-- The input follows --
Definition seq_feasible (h1 h2 : pt -> R) (x1 x2 : pt) : Prop :=
  h1 x1 = 1 /\ h2 x2 = 1.
Definition seq_cost (x0 x1 x2 : pt) : R :=
  norm2 (vsub x1 x0) + norm2 (vsub x2 x1).

Definition is_best_response (h1 h2 : pt -> R) (x0 x1 x2 : pt) : Prop :=
  seq_feasible h1 h2 x1 x2 /\
  forall y1 y2, seq_feasible h1 h2 y1 y2 -> seq_cost x0 x1 x2 <= seq_cost x0 y1 y2.

Definition cseq_is (h1 h2 : pt -> R) (x0 : pt) (c : R) : Prop :=
  (exists x1 x2, seq_feasible h1 h2 x1 x2 /\ seq_cost x0 x1 x2 = c) /\
  forall y1 y2, seq_feasible h1 h2 y1 y2 -> c <= seq_cost x0 y1 y2.

From Stdlib Require Import Reals Lra.
Open Scope R_scope.

(* Both cost formulas are certified by weak duality.  If [w1.y1 >= 0],
   [w2.y2 >= 0], [l, m >= 0], [|m w2| <= 1] and [g = l w1 + m w2] has
   [|g| <= 1], then Cauchy-Schwarz on the two legs gives
   [|y1 - x0| + |y2 - y1| >= g.(y1 - x0) + m w2.(y2 - y1) >= - g.x0].
   With [d = d_{w1}(x0)], [p = P_{w1}(x0)], [a = |p|] and, in the plane,
   [w2.p = - a sin theta], the choice [(l, m) = (|cos theta| + cos theta, 1)]
   gives the lower bound [d |cos theta| + a sin theta], attained by the pair
   of case 2; when [a |cos theta| < d sin theta] another [(l, m)] with
   [|g| = 1] gives the lower bound [|x0|], attained by moving to the origin. *)

Definition cross (u v : pt) : R := fst u * snd v - snd u * fst v.

Lemma dot_comm (u v : pt) : dot u v = dot v u.
Proof. unfold dot; ring. Qed.

Lemma dot_vaddr (u v z : pt) : dot u (vadd v z) = dot u v + dot u z.
Proof. unfold dot, vadd; simpl; ring. Qed.

Lemma dot_vaddl (u v z : pt) : dot (vadd u v) z = dot u z + dot v z.
Proof. unfold dot, vadd; simpl; ring. Qed.

Lemma dot_vsubr (u v z : pt) : dot u (vsub v z) = dot u v - dot u z.
Proof. unfold dot, vsub; simpl; ring. Qed.

Lemma dot_vscaler (k : R) (u v : pt) : dot u (vscale k v) = k * dot u v.
Proof. unfold dot, vscale; simpl; ring. Qed.

Lemma dot_vscalel (k : R) (u v : pt) : dot (vscale k u) v = k * dot u v.
Proof. unfold dot, vscale; simpl; ring. Qed.

Lemma dot_vzeror (u : pt) : dot u vzero = 0.
Proof. unfold dot, vzero; simpl; ring. Qed.

Lemma dot_self_ge0 (u : pt) : 0 <= dot u u.
Proof. unfold dot; nra. Qed.

Lemma dot_sqr_add_cross_sqr (u v : pt) :
  dot u v * dot u v + cross u v * cross u v = dot u u * dot v v.
Proof. unfold dot, cross; ring. Qed.

Lemma dot_mul_decomp (u v z : pt) :
  dot u u * dot v z = dot u v * dot u z + cross u v * cross u z.
Proof. unfold dot, cross; ring. Qed.

Lemma norm2_sqr (u : pt) : norm2 u * norm2 u = dot u u.
Proof. apply sqrt_sqrt, dot_self_ge0. Qed.

Lemma norm2_ge0 (u : pt) : 0 <= norm2 u.
Proof. apply sqrt_pos. Qed.

Lemma norm2_eq_of_sqr (u : pt) (r : R) : 0 <= r -> dot u u = r * r -> norm2 u = r.
Proof. intros Hr Hu; unfold norm2; rewrite Hu; apply sqrt_square, Hr. Qed.

Lemma dot_unit (w : pt) : norm2 w = 1 -> dot w w = 1.
Proof. intros Hw; rewrite <- norm2_sqr, Hw; ring. Qed.

Lemma dot_le_norm2_mul (u v : pt) : dot u v <= norm2 u * norm2 v.
Proof.
  unfold norm2; rewrite <- sqrt_mult by apply dot_self_ge0.
  destruct (Rle_lt_dec (dot u v) 0) as [Hle|Hlt].
  - pose proof (sqrt_pos (dot u u * dot v v)); lra.
  - rewrite <- (sqrt_square (dot u v)) by lra.
    apply sqrt_le_1_alt; rewrite <- dot_sqr_add_cross_sqr.
    pose proof (Rle_0_sqr (cross u v)); unfold Rsqr in *; lra.
Qed.

Lemma dot_le_norm2 (g z : pt) : dot g g <= 1 -> dot g z <= norm2 z.
Proof.
  intros Hg.
  assert (Hng : norm2 g <= 1) by (rewrite <- sqrt_1; apply sqrt_le_1_alt, Hg).
  pose proof (dot_le_norm2_mul g z); pose proof (norm2_ge0 z); nra.
Qed.

Lemma lin_clf_1 (w y : pt) : lin_clf w y = 1 <-> 0 <= dot w y.
Proof. unfold lin_clf; destruct (Rle_dec 0 (dot w y)); split; lra. Qed.

Lemma lin_clf_0 (w y : pt) : lin_clf w y = 0 -> dot w y < 0.
Proof. unfold lin_clf; destruct (Rle_dec 0 (dot w y)); lra. Qed.

Lemma Pw_neg (w x : pt) : dot w x < 0 -> Pw w x = vsub x (vscale (dot w x) w).
Proof. unfold Pw; destruct (Rle_dec 0 (dot w x)); [lra | reflexivity]. Qed.

Lemma dw_nonpos (w x : pt) : dot w x <= 0 -> dw w x = - dot w x.
Proof.
  unfold dw; destruct (Rle_dec 0 (dot w x)); [lra|].
  intros; apply Rabs_left; lra.
Qed.

Lemma dot_Pw_neg (w x : pt) : dot w w = 1 -> dot w x < 0 -> dot w (Pw w x) = 0.
Proof.
  intros Hw Hx; rewrite Pw_neg by exact Hx.
  rewrite dot_vsubr, dot_vscaler, Hw; ring.
Qed.

Lemma lin_clf_Pw (w x : pt) : dot w w = 1 -> lin_clf w (Pw w x) = 1.
Proof.
  intros Hw; apply lin_clf_1.
  destruct (Rle_lt_dec 0 (dot w x)) as [Hx|Hx].
  - unfold Pw; destruct (Rle_dec 0 (dot w x)); lra.
  - rewrite dot_Pw_neg by assumption; lra.
Qed.

Lemma norm2_vsub_Pw (w x : pt) : dot w w = 1 -> norm2 (vsub (Pw w x) x) = dw w x.
Proof.
  intros Hw; unfold Pw, dw; destruct (Rle_dec 0 (dot w x)) as [Hx|Hx].
  - apply norm2_eq_of_sqr; [lra|]; unfold dot, vsub; simpl; ring.
  - apply norm2_eq_of_sqr; [apply Rabs_pos|].
    rewrite <- Rabs_mult, Rabs_pos_eq by nra.
    replace (vsub (vsub x (vscale (dot w x) w)) x) with (vscale (- dot w x) w)
      by (unfold vsub, vscale; simpl; f_equal; ring).
    rewrite dot_vscalel, dot_vscaler, Hw; ring.
Qed.

Lemma seq_cost_vzero (x0 : pt) : seq_cost x0 vzero vzero = norm2 x0.
Proof.
  unfold seq_cost.
  rewrite (norm2_eq_of_sqr (vsub vzero vzero) 0) by (unfold dot, vsub; simpl; lra || ring).
  rewrite Rplus_0_r; unfold norm2; f_equal; unfold dot, vsub; simpl; ring.
Qed.

Lemma seq_cost_ge_dual (w1 w2 x0 y1 y2 : pt) (l m : R) :
  0 <= l -> 0 <= m ->
  dot (vscale m w2) (vscale m w2) <= 1 ->
  dot (vadd (vscale l w1) (vscale m w2)) (vadd (vscale l w1) (vscale m w2)) <= 1 ->
  lin_clf w1 y1 = 1 -> lin_clf w2 y2 = 1 ->
  - dot (vadd (vscale l w1) (vscale m w2)) x0 <= seq_cost x0 y1 y2.
Proof.
  intros Hl Hm Hmw2 Hg Hy1 Hy2.
  apply lin_clf_1 in Hy1; apply lin_clf_1 in Hy2.
  set (g := vadd (vscale l w1) (vscale m w2)) in *.
  pose proof (dot_le_norm2 g (vsub y1 x0) Hg) as Hleg1.
  pose proof (dot_le_norm2 (vscale m w2) (vsub y2 y1) Hmw2) as Hleg2.
  assert (Hsplit : dot g (vsub y1 x0) + dot (vscale m w2) (vsub y2 y1)
                   = l * dot w1 y1 + m * dot w2 y2 - dot g x0)
    by (unfold g, dot, vadd, vsub, vscale; simpl; ring).
  pose proof (Rmult_le_pos _ _ Hl Hy1); pose proof (Rmult_le_pos _ _ Hm Hy2).
  unfold seq_cost; lra.
Qed.

Lemma best_response_of_lower_bound (h1 h2 : pt -> R) (x0 x1 x2 : pt) (c : R) :
  seq_feasible h1 h2 x1 x2 -> seq_cost x0 x1 x2 = c ->
  (forall y1 y2, seq_feasible h1 h2 y1 y2 -> c <= seq_cost x0 y1 y2) ->
  is_best_response h1 h2 x0 x1 x2 /\ cseq_is h1 h2 x0 c.
Proof.
  intros Hfeas Hcost Hlb; repeat split; try apply Hfeas.
  - intros y1 y2 Hy; rewrite Hcost; apply Hlb, Hy.
  - exists x1, x2; split; assumption.
  - exact Hlb.
Qed.

Lemma Rabs_tan (t : R) : 0 < sin t -> Rabs (tan t) = sin t / Rabs (cos t).
Proof.
  intros Hs; unfold tan, Rdiv; rewrite Rabs_mult, Rabs_inv, (Rabs_pos_eq (sin t)) by lra.
  reflexivity.
Qed.

Lemma lt_of_Rabs_tan_gt (t a d : R) : 0 < d -> 0 < sin t ->
  (cos t = 0 \/ Rabs (tan t) > a / d) -> a * Rabs (cos t) < d * sin t.
Proof.
  intros Hd Hs [Hc|Ht].
  - rewrite Hc, Rabs_R0; nra.
  - rewrite Rabs_tan in Ht by exact Hs.
    destruct (Req_dec (cos t) 0) as [Hc|Hc]; [rewrite Hc, Rabs_R0; nra|].
    pose proof (Rabs_pos_lt _ Hc) as HC.
    apply Rgt_lt, (Rmult_lt_compat_r (d * Rabs (cos t))) in Ht; [|nra].
    replace (a / d * (d * Rabs (cos t))) with (a * Rabs (cos t)) in Ht by (field; lra).
    replace (sin t / Rabs (cos t) * (d * Rabs (cos t))) with (d * sin t) in Ht
      by (field; lra).
    exact Ht.
Qed.

Lemma le_of_Rabs_tan_le (t a d : R) : 0 < d -> 0 < sin t -> cos t <> 0 ->
  Rabs (tan t) <= a / d -> d * sin t <= a * Rabs (cos t).
Proof.
  intros Hd Hs Hc Ht; rewrite Rabs_tan in Ht by exact Hs.
  pose proof (Rabs_pos_lt _ Hc) as HC.
  apply (Rmult_le_compat_r (d * Rabs (cos t))) in Ht; [|nra].
  replace (a / d * (d * Rabs (cos t))) with (a * Rabs (cos t)) in Ht by (field; lra).
  replace (sin t / Rabs (cos t) * (d * Rabs (cos t))) with (d * sin t) in Ht
    by (field; lra).
  exact Ht.
Qed.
-- The input concluded --
### [Task objective]
The task calls for every line of the material that contains the string "vzero".

### [Result for this task]
Lemma dot_vzeror (u : pt) : dot u vzero = 0.
Proof. unfold dot, vzero; simpl; ring. Qed.
Lemma seq_cost_vzero (x0 : pt) : seq_cost x0 vzero vzero = norm2 x0.
  rewrite (norm2_eq_of_sqr (vsub vzero vzero) 0) by (unfold dot, vsub; simpl; lra || ring).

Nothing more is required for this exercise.